Natural Language Processing: Attention is Explanation

Sentiment Analysis is a sub-field of Natural Language Processing (NLP) that, combining tools and techniques from Linguistics and Computer Science, aims at systematically identifying, extracting, and studying emotional states and personal opinion in natural language.

Machine Learning models have recently grown exponentially in performance in this field. Specifically, Transformers models suppressed any other competitor for their superior performance, but this comes at a cost: complexity. The state of the art in this sector is the GTP-2 published by Open-AI with a whopping 1.5 Billion parameters, which is the worst nightmare for any GPU. This massive number of parameters makes these models an inscrutable black-box. If we want to use these models for real applications, we need to explain their decisions.

Fortunately, there are several solutions to transformers explanations. The most common is to produce a heatmap of the sentence which highlights which words have contributed the most to the sentiment prediction. The most relevant frameworks to create such a heatmap are LIME and INTGRAD. LIME is the oldest framework to produce insights on the model decisions. Still, it is slow and sometimes shaky. INTGRAD is an innovative model which uses path integral to produce the heatmap. These two techniques need to query the model several times to provide the explanations. For big models like transformers, this is not feasible.

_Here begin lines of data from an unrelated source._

(* Let $U$ be a rise function that is three times continuously differentiable on $[0,1]$. (i) If $U''(\phi)\le0$ and $U'''(\phi)\le 2\,U''(\phi)^2/U'(\phi)$ for all $\phi\in[0,1]$, then $U$ is icpd. (ii) If $U''(\phi)\ge0$ and $U'''(\phi)\ge 2\,U''(\phi)^2/U'(\phi)$ for all $\phi\in[0,1]$, then $U$ is dcpd. More generally, $U$ is icpd if $U'''(\phi)\le 3\frac{U''(\phi)^2}{U'(\phi)}-\frac{U''(\psi)U''(\phi)U'(\phi)}{U'(\psi)^2}$ for all $0\le\psi\le\phi\le1$, and dcpd if the reverse inequality holds for all $0\le\psi\le\phi\le1$.
   Context: A rise function is a smooth $U:[0,\infty)\to[0,\infty)$ with $U'>0$, $U(0)=0$, $U(1)=1$. $H_\varepsilon(\phi)=U^{-1}(U(\phi)+\varepsilon)$ and $\Delta H(\phi,\Delta\phi,\varepsilon)=H_\varepsilon(\phi+\Delta\phi)-H_\varepsilon(\phi)$ on $\mathcal{D}=\{(\phi,\Delta\phi,\varepsilon):0\le\varepsilon\le1,\ 0\le\phi\le1,\ 0\le\Delta\phi\le U^{-1}(1-\varepsilon)-\phi\}$. $U$ is icpd (increasing the change of phase differences) if $\partial_\phi\Delta H\ge0$ on $\mathcal{D}$, and dcpd (decreasing the change of phase differences) if $\partial_\phi\Delta H\le0$ on $\mathcal{D}$. *)

From Stdlib Require Import Reals Lra ClassicalEpsilon.
Open Scope R_scope.

Definition nonneg (x : R) : Prop := 0 <= x.
Definition unit_interval (x : R) : Prop := 0 <= x <= 1.

(* Smooth (C^oo) on [0,+oo): a tower of derivatives, each taken within
   [0,+oo) (one-sided at the endpoint 0), via Stdlib's D_in. *)
Definition smooth_nonneg (U : R -> R) : Prop :=
  exists Df : nat -> R -> R,
    (forall x, 0 <= x -> Df O x = U x) /\
    (forall n x, 0 <= x -> D_in (Df n) (Df (S n)) nonneg x).

Definition rise_function (U : R -> R) : Prop :=
  smooth_nonneg U /\
  (forall x, 0 <= x -> 0 <= U x) /\
  (forall (d : R -> R) x, 0 <= x -> D_in U d nonneg x -> 0 < d x) /\
  U 0 = 0 /\ U 1 = 1.

Definition Uinv (U : R -> R) (y : R) : R :=
  epsilon (inhabits 0) (fun x => 0 <= x /\ U x = y).

Definition Heps (U : R -> R) (eps phi : R) : R := Uinv U (U phi + eps).

Definition DeltaH (U : R -> R) (phi dphi eps : R) : R :=
  Heps U eps (phi + dphi) - Heps U eps phi.

Definition inD (U : R -> R) (phi dphi eps : R) : Prop :=
  0 <= eps <= 1 /\ 0 <= phi <= 1 /\ 0 <= dphi <= Uinv U (1 - eps) - phi.

(* Partial derivative in phi taken within the phi-slice of D. *)
Definition icpd (U : R -> R) : Prop :=
  forall phi dphi eps, inD U phi dphi eps ->
    exists l, D_in (fun p => DeltaH U p dphi eps) (fun _ => l)
                   (fun p => inD U p dphi eps) phi /\ 0 <= l.

Definition dcpd (U : R -> R) : Prop :=
  forall phi dphi eps, inD U phi dphi eps ->
    exists l, D_in (fun p => DeltaH U p dphi eps) (fun _ => l)
                   (fun p => inD U p dphi eps) phi /\ l <= 0.

Definition C3_on_unit (U U1 U2 U3 : R -> R) : Prop :=
  forall x, 0 <= x <= 1 ->
    D_in U U1 unit_interval x /\ D_in U1 U2 unit_interval x /\
    D_in U2 U3 unit_interval x /\ limit1_in U3 unit_interval (U3 x) x.

From Pilot Require Import Defs.
From Stdlib Require Import Reals Lra ClassicalEpsilon Ranalysis5.
Open Scope R_scope.

(* Write U' = U1, U'' = U2, U''' = U3 and kappa = U'' / U'^2, so that
   kappa' = (U''' - 2 U''^2 / U') / U'^2.  Each hypothesis of the theorem
   makes kappa monotone on [0, 1]: directly for (i) and (ii), and for the general criteria by taking
   psi = phi, where the bound becomes 2 U''^2 / U'.
   Writing H = H_eps, the inverse function rule gives H'(q) = U'(q) / U'(H q),
   hence the phi-derivative of Delta H is G (phi + dphi) - G phi with
     G q = U'(q) / U'(H q),   G'(q) = U'(q)^2 / U'(H q) * (kappa q - kappa (H q)).
   As q <= H q, a nonincreasing kappa makes G nondecreasing (icpd), and a
   nondecreasing kappa makes G nonincreasing (dcpd); both cases are treated
   at once by multiplying kappa and G by a sign sg. *)

Lemma D_in_fun_ext f g d D x :
  (forall y, D y -> f y = g y) -> f x = g x -> D_in f d D x -> D_in g d D x.
Proof.
  unfold D_in, limit1_in, limit_in; intros Efg Ex H eps Heps.
  destruct (H eps Heps) as [alp [Halp Hlim]]; exists alp; split; [exact Halp|].
  intros y [[Dy Ny] Hy]. rewrite <- (Efg y Dy), <- Ex. apply Hlim.
  split; [split|]; assumption.
Qed.

Lemma D_in_of_derivable_pt_lim f l D x :
  derivable_pt_lim f x l -> D_in f (fun _ => l) D x.
Proof.
  intro H. apply (D_in_imp _ _ no_cond); [intros; exact I|].
  apply derivable_pt_lim_D_in; exact H.
Qed.

Lemma D_in_Rinv f d D x : D_in f d D x -> f x <> 0 ->
  D_in (fun z => / f z) (fun z => - d z / (f z * f z)) D x.
Proof.
  intros Hf Hx.
  assert (Hinv : D_in Rinv (fun z => - / (z * z)) (fun _ => True) (f x)).
  { apply (D_in_fun_ext (div_fct (fct_cte 1) id)).
    - intros; unfold div_fct, fct_cte, id, Rdiv; ring.
    - unfold div_fct, fct_cte, id, Rdiv; ring.
    - apply (D_in_ext (fun _ => (0 * id (f x) - fct_cte 1 (f x) * 1) / Rsqr (id (f x)))).
      + unfold fct_cte, id, Rsqr. field; exact Hx.
      + apply D_in_of_derivable_pt_lim, derivable_pt_lim_div;
          [apply derivable_pt_lim_const | apply derivable_pt_lim_id | exact Hx]. }
  apply (D_in_imp _ _ (Dgf D (fun _ => True) f)); [intros; split; auto|].
  apply (D_in_ext (fun z => d z * - / (f z * f z))); [unfold Rdiv; ring|].
  exact (Dcomp _ _ _ _ _ _ x Hf Hinv).
Qed.

(* To apply the two-sided mean value theorem of the standard library to a
   function known only on [a, b], we compose it with the projection onto [a, b]. *)
Definition clamp a b x := Rmax a (Rmin x b).

Lemma clamp_in a b x : a <= b -> a <= clamp a b x <= b.
Proof. unfold clamp, Rmax, Rmin; intros; repeat destruct Rle_dec; lra. Qed.

Lemma clamp_id a b x : a <= x <= b -> clamp a b x = x.
Proof. unfold clamp, Rmax, Rmin; intros; repeat destruct Rle_dec; lra. Qed.

Lemma clamp_dist a b x c : a <= c <= b -> Rabs (clamp a b x - c) <= Rabs (x - c).
Proof.
  unfold clamp, Rmax, Rmin; intros; repeat destruct Rle_dec;
    unfold Rabs; repeat destruct Rcase_abs; lra.
Qed.

Lemma clamp_continuity f a b c : a <= b -> a <= c <= b ->
  continue_in f (fun z => a <= z <= b) c -> continuity_pt (fun x => f (clamp a b x)) c.
Proof.
  intros Hab Hc H. unfold continuity_pt, continue_in, limit1_in, limit_in in *.
  intros eps Heps. destruct (H eps Heps) as [alp [Halp Hlim]].
  exists alp; split; [exact Halp|].
  intros x [_ Hx]. simpl in *. unfold Rdist in *. rewrite (clamp_id a b c Hc).
  destruct (Req_dec (clamp a b x) c) as [E|E].
  - rewrite E, Rminus_diag, Rabs_R0; exact Heps.
  - apply Hlim. split; [split; [apply clamp_in; exact Hab | auto]|].
    pose proof (clamp_dist a b x c Hc); lra.
Qed.

Lemma clamp_derivable f d a b c : a < c < b ->
  D_in f d (fun z => a <= z <= b) c ->
  derivable_pt_lim (fun x => f (clamp a b x)) c (d c).
Proof.
  intros Hc H. unfold D_in, limit1_in, limit_in, derivable_pt_lim in *.
  intros eps Heps. destruct (H eps Heps) as [alp [Halp Hlim]].
  set (del := Rmin alp (Rmin (c - a) (b - c))).
  assert (Hdel : 0 < del /\ del <= alp /\ del <= c - a /\ del <= b - c).
  { unfold del, Rmin; repeat destruct Rle_dec; lra. }
  exists (mkposreal del (proj1 Hdel)). intros h Hh0 Hh. simpl in *.
  apply Rabs_def2 in Hh.
  rewrite (clamp_id a b (c + h)), (clamp_id a b c) by lra.
  replace h with ((c + h) - c) at 2 by ring.
  apply Hlim. unfold Rdist. replace (c + h - c) with h by ring.
  split; [split; [lra | intro E; apply Hh0; lra]|].
  apply Rabs_def1; lra.
Qed.

Lemma D_in_MVT f d a b : a < b ->
  (forall t, a <= t <= b -> D_in f d (fun z => a <= z <= b) t) ->
  exists c, a < c < b /\ f b - f a = d c * (b - a).
Proof.
  intros Hab H.
  set (fc := fun x => f (clamp a b x)).
  assert (pr1 : forall c, a < c < b -> derivable_pt fc c).
  { intros c Hc. exists (d c). apply clamp_derivable; [exact Hc|]. apply H; lra. }
  assert (pr2 : forall c, a < c < b -> derivable_pt id c).
  { intros; apply derivable_pt_id. }
  destruct (MVT fc id a b pr1 pr2 Hab) as [c [Hc Ec]].
  - intros c Hc. apply clamp_continuity; [lra | exact Hc|].
    eapply cont_deriv; apply H; exact Hc.
  - intros c _. apply derivable_continuous_pt, derivable_pt_id.
  - exists c; split; [exact Hc|].
    rewrite (derive_pt_eq_0 fc c (d c) (pr1 c Hc)) in Ec
      by (apply clamp_derivable; [exact Hc | apply H; lra]).
    rewrite (derive_pt_eq_0 id c 1 (pr2 c Hc) (derivable_pt_lim_id c)) in Ec.
    unfold fc, id in Ec. rewrite (clamp_id a b a), (clamp_id a b b) in Ec by lra.
    lra.
Qed.

Lemma D_in_nondecreasing f d a b : a <= b ->
  (forall t, a <= t <= b -> D_in f d (fun z => a <= z <= b) t) ->
  (forall t, a <= t <= b -> 0 <= d t) -> f a <= f b.
Proof.
  intros Hab H Hd. destruct (Req_dec a b) as [E|E]; [subst; lra|].
  destruct (D_in_MVT f d a b) as [c [Hc Ec]]; [lra | exact H|].
  assert (0 <= d c * (b - a)) by (apply Rmult_le_pos; [apply Hd; lra | lra]).
  lra.
Qed.

Lemma limit1_in_ext f g D D' l x : limit1_in f D l x ->
  (forall z, D' z -> D z /\ f z = g z) -> limit1_in g D' l x.
Proof.
  unfold limit1_in, limit_in; intros H E eps Heps.
  destruct (H eps Heps) as [alp [Halp Hlim]]; exists alp; split; [exact Halp|].
  intros z [Dz Hz]. destruct (E z Dz) as [Dz' Ez]. rewrite <- Ez. apply Hlim; auto.
Qed.

(* Every point of [0, 1] is a limit of other points of [0, 1], so derivatives
   within [0, 1] are unique. *)
Lemma unit_interval_adherent x : 0 <= x <= 1 -> adhDa (D_x unit_interval x) x.
Proof.
  intros Hx alp Halp. unfold D_x, unit_interval, Rdist.
  set (h := Rmin (alp / 2) (1 / 2)).
  assert (Hh : 0 < h /\ h <= alp / 2 /\ h <= 1 / 2) by (unfold h, Rmin; destruct Rle_dec; lra).
  destruct (Rle_dec x (1 / 2)).
  - exists (x + h). rewrite Rabs_right by lra. repeat split; lra.
  - exists (x - h). rewrite Rabs_left by lra. repeat split; lra.
Qed.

Transformers models rely on a particular mechanism called attention. The attention mechanism allows looking over all the information the original sentence holds and then creates the proper output according to the context. Transformers models incorporate this by encoding each word position, so it is possible to link two very distant words. These attention scores are powerful since they relate concepts but they raise a question: Is it possible to use attention scores as explanations? This question is controversial, and some authors think that attention is not feasible as an explanation.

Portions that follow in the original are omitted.